Exercise: Your answer must be every line of the data that holds the string "have".

Information supplied:
= = = =

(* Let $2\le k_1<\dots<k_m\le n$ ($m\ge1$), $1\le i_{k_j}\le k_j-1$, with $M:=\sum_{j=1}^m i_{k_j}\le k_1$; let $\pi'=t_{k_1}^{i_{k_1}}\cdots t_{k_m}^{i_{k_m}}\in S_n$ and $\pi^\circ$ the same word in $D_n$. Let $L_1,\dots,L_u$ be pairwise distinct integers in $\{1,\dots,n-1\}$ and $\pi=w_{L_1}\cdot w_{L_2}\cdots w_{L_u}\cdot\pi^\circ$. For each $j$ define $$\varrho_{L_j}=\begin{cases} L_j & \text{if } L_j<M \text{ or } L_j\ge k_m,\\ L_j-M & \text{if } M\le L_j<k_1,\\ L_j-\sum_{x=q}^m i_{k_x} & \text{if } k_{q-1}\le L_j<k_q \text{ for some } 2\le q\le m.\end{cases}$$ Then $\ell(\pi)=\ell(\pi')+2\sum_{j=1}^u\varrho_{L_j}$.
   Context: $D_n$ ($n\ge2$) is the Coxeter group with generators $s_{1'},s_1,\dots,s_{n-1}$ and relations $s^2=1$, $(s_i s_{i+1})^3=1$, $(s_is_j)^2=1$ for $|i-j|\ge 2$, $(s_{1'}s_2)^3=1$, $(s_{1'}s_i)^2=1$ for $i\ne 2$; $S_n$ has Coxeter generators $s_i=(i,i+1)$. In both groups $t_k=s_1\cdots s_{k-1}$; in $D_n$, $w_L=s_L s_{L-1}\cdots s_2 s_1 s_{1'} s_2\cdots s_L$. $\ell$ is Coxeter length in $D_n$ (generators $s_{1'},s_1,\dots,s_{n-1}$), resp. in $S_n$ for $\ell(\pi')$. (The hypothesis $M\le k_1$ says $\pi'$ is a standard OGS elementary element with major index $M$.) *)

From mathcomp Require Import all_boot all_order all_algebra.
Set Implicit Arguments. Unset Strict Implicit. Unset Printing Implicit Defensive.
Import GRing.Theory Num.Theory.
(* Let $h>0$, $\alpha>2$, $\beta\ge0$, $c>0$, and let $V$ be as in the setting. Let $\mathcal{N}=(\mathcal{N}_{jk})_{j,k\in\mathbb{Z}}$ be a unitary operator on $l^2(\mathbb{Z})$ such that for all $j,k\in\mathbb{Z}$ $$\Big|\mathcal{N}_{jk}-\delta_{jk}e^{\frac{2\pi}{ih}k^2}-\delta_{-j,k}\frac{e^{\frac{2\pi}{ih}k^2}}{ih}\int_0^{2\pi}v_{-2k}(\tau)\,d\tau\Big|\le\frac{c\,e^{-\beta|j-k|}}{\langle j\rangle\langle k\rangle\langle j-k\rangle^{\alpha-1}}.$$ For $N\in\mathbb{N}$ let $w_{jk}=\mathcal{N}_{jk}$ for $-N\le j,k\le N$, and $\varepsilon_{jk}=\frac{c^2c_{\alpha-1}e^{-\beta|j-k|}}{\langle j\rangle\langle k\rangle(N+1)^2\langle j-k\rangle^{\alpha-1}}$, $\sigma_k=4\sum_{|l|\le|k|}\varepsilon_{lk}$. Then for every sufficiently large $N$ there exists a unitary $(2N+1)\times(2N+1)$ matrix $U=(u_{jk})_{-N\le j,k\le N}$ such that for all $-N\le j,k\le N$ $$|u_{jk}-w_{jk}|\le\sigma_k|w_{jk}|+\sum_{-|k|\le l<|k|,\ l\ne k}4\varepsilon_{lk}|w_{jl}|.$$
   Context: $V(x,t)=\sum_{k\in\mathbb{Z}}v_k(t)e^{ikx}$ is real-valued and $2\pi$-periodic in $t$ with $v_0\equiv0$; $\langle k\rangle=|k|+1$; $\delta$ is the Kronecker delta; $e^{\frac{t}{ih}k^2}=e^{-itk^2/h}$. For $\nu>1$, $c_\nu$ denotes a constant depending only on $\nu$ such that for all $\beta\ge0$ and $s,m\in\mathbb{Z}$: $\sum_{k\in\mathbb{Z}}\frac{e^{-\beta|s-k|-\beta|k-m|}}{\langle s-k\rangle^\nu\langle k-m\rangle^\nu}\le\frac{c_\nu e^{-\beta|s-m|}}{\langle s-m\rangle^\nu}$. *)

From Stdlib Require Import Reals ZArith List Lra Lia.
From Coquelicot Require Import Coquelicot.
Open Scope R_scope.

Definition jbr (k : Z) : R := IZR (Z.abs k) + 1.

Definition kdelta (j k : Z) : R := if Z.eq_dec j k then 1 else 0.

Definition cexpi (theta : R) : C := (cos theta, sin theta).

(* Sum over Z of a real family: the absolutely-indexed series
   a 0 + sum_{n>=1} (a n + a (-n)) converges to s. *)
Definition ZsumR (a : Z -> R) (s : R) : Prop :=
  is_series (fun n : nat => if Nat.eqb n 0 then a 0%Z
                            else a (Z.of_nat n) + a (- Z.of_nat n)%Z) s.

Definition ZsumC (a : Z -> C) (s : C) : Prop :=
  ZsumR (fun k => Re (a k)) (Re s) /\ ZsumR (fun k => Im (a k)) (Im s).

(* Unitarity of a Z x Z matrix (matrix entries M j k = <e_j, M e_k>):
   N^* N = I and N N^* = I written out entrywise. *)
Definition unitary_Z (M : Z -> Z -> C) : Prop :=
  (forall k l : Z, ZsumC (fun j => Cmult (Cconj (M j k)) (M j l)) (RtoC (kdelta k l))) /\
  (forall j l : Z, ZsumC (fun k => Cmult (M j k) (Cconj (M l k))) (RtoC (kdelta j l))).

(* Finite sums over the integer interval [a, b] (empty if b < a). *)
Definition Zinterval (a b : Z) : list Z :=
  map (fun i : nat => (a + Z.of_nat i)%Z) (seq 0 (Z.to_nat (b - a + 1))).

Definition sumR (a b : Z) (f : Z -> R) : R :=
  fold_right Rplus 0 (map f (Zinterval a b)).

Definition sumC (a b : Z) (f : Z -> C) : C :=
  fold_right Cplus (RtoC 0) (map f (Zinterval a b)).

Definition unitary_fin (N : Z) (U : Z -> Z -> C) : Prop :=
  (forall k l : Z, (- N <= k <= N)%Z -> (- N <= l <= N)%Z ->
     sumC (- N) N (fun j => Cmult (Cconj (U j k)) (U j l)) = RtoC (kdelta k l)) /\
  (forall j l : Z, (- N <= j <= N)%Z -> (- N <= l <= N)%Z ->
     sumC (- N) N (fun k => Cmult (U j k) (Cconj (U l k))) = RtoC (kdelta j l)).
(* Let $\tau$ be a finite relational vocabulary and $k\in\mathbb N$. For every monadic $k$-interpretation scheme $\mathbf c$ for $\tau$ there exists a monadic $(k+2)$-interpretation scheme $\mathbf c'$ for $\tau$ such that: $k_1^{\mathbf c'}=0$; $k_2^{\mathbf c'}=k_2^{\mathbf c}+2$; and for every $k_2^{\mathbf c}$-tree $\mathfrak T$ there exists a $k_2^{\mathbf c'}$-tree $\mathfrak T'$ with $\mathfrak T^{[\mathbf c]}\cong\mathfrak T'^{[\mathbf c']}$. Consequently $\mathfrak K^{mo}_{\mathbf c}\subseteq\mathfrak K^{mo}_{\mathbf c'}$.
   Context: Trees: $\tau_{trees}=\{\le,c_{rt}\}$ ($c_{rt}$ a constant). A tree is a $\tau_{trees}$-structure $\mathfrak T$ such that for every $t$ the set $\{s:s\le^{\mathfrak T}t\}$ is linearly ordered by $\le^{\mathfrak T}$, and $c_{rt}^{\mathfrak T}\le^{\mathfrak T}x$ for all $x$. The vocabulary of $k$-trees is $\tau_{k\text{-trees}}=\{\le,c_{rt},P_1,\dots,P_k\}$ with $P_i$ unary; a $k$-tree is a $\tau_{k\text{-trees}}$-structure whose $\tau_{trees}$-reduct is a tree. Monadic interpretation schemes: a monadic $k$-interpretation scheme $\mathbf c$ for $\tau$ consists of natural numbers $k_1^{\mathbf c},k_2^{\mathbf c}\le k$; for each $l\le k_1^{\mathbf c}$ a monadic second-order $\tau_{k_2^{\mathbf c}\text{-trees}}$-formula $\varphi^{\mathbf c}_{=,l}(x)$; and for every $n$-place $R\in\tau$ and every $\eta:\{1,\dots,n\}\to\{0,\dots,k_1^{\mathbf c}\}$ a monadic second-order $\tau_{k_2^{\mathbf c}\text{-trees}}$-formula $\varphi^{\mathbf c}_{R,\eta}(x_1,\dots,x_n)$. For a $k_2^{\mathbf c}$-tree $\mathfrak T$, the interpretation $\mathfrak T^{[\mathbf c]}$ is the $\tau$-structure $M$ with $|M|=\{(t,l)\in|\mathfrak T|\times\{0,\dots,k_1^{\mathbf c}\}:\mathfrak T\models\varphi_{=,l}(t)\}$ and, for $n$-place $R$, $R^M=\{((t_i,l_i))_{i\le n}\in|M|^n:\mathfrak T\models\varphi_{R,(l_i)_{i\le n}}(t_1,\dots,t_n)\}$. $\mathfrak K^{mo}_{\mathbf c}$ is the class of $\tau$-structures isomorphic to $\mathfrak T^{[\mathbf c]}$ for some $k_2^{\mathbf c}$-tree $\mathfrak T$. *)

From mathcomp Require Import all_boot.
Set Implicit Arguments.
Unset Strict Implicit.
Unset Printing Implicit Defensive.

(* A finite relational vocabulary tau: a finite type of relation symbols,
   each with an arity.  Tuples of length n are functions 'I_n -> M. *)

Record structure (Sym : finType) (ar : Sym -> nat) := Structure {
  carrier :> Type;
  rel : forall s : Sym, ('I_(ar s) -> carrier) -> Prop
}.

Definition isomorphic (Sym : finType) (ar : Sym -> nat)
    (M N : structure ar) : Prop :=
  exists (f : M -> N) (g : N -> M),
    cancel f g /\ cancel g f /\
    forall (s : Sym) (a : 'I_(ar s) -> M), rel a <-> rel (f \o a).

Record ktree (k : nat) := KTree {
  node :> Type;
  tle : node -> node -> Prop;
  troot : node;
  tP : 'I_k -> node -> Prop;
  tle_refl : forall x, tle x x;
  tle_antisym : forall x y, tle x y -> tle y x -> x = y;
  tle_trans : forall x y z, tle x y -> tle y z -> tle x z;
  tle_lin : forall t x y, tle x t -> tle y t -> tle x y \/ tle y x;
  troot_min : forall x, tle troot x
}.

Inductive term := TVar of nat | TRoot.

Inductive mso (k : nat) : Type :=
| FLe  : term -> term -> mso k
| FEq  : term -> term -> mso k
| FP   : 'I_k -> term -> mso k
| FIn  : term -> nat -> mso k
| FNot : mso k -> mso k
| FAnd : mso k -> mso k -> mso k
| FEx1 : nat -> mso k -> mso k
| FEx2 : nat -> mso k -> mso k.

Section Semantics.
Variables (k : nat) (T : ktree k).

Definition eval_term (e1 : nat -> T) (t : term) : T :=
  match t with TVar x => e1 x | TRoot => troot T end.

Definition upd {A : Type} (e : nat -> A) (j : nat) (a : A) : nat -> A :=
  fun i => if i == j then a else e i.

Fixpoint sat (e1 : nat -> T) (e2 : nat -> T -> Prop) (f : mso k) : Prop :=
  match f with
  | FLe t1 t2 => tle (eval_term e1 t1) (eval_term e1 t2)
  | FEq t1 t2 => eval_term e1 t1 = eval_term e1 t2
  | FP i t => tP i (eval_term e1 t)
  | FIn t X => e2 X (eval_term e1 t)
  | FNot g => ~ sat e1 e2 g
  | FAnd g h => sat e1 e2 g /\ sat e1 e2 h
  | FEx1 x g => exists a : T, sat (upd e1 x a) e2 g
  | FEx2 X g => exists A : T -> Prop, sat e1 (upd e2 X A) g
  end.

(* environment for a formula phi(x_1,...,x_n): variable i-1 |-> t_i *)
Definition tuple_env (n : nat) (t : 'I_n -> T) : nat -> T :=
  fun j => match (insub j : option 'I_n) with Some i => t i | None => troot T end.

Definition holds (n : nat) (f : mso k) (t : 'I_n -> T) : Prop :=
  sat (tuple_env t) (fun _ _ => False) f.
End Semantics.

= = = =

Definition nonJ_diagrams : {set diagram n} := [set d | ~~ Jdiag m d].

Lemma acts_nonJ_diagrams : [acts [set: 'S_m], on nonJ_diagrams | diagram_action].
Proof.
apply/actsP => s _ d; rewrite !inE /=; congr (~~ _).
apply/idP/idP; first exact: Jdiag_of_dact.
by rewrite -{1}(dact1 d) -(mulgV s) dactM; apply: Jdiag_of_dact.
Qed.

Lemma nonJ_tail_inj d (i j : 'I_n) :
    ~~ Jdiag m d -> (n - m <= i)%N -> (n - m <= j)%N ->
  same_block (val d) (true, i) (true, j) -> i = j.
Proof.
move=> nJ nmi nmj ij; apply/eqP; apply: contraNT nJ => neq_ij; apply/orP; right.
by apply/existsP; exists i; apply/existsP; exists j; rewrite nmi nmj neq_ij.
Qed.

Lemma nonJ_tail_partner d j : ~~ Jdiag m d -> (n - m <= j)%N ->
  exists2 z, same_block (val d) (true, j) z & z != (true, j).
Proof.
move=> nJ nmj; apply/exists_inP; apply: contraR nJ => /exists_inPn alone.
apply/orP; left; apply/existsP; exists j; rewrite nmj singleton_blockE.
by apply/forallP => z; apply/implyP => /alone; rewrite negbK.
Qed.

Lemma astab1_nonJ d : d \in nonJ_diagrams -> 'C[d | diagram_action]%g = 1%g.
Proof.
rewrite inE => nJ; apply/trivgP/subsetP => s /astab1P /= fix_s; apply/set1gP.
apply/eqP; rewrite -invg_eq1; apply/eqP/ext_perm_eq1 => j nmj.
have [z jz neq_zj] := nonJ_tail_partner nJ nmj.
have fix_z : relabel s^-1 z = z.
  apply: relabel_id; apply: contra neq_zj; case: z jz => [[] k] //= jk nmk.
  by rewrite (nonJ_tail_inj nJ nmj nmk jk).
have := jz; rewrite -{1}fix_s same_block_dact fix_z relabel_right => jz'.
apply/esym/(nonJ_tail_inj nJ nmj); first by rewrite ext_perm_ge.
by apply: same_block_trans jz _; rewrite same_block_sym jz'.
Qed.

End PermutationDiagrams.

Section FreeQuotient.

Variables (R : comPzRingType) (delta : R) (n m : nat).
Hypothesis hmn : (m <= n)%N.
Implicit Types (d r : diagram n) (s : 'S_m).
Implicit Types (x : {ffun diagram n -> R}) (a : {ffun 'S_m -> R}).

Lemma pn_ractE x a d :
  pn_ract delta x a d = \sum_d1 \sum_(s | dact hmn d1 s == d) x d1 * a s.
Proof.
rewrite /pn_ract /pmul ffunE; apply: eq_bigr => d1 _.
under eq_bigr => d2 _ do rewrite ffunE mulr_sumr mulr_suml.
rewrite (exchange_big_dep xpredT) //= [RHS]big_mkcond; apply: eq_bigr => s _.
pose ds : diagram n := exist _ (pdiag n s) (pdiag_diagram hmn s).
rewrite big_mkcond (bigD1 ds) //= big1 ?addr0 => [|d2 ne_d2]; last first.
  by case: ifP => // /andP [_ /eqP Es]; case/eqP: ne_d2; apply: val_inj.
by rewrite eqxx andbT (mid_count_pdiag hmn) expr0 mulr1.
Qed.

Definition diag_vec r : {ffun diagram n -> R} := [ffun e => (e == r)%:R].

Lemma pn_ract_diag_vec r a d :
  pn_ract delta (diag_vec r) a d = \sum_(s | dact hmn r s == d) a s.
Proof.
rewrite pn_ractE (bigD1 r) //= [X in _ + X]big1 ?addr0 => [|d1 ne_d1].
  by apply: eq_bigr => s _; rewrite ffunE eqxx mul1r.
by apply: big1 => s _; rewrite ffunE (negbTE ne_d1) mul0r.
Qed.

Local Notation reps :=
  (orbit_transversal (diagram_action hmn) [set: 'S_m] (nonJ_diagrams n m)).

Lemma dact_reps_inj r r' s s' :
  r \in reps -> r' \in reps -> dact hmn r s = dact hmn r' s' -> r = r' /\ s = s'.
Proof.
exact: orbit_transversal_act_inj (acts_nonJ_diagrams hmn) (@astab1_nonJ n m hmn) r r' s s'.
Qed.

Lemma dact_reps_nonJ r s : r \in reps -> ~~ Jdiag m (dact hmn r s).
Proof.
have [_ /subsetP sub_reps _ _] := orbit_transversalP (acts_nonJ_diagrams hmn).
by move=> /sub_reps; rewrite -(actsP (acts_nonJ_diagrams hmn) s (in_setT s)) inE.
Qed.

= = = =

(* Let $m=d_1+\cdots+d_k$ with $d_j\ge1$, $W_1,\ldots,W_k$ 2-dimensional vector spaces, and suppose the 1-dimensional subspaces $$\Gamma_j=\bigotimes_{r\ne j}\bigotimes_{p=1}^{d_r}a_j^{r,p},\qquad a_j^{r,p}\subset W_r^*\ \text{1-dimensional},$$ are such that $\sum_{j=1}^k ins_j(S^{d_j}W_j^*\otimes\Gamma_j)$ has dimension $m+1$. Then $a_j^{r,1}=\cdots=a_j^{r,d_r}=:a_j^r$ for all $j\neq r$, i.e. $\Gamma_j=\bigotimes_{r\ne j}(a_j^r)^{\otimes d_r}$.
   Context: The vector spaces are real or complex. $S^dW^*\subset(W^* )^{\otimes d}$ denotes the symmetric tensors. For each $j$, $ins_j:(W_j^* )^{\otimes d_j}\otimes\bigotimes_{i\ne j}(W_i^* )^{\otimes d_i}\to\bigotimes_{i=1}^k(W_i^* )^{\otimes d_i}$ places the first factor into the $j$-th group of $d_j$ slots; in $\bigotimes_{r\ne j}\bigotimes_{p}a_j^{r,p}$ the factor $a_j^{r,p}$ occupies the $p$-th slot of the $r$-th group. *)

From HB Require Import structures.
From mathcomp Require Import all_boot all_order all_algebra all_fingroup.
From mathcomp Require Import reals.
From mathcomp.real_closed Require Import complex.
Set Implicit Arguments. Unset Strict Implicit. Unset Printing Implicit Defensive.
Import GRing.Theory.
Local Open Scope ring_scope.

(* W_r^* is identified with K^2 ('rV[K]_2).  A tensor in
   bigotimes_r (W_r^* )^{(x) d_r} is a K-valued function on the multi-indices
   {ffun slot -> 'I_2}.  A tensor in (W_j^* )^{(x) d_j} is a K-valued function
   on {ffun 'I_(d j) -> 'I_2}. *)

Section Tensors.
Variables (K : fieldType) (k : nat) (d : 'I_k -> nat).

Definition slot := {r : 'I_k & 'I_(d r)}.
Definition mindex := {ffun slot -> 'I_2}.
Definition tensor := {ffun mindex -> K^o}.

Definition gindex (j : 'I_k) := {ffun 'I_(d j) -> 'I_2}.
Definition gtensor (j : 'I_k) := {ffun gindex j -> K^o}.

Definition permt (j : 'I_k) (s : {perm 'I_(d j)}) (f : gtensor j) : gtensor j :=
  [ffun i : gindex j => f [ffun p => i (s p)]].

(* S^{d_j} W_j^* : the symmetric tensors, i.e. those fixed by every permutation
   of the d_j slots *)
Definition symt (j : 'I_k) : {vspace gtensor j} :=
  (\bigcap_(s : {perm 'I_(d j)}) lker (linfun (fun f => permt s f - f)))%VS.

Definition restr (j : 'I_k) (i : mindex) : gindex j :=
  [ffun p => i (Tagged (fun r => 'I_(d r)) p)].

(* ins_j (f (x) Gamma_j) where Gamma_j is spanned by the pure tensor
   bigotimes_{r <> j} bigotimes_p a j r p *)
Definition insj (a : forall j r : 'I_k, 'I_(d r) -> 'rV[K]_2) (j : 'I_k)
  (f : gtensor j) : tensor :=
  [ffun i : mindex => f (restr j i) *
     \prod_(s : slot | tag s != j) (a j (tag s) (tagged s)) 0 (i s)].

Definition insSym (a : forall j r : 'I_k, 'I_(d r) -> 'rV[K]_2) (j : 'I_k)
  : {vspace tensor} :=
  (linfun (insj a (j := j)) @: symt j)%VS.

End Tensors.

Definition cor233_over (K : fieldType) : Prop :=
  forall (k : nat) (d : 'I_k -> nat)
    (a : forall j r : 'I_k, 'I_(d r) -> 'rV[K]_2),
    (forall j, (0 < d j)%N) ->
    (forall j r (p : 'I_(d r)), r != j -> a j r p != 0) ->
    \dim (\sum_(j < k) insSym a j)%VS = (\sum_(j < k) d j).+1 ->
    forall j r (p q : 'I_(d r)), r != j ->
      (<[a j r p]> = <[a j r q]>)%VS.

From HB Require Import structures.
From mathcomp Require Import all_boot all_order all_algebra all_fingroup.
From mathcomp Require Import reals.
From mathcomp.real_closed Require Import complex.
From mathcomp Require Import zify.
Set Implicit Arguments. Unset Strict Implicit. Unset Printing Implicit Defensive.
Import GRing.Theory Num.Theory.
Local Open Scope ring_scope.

= = = =

Task solution:
have [z jz neq_zj] := nonJ_tail_partner nJ nmj.
have fix_z : relabel s^-1 z = z.
have := jz; rewrite -{1}fix_s same_block_dact fix_z relabel_right => jz'.
have [_ /subsetP sub_reps _ _] := orbit_transversalP (acts_nonJ_diagrams hmn).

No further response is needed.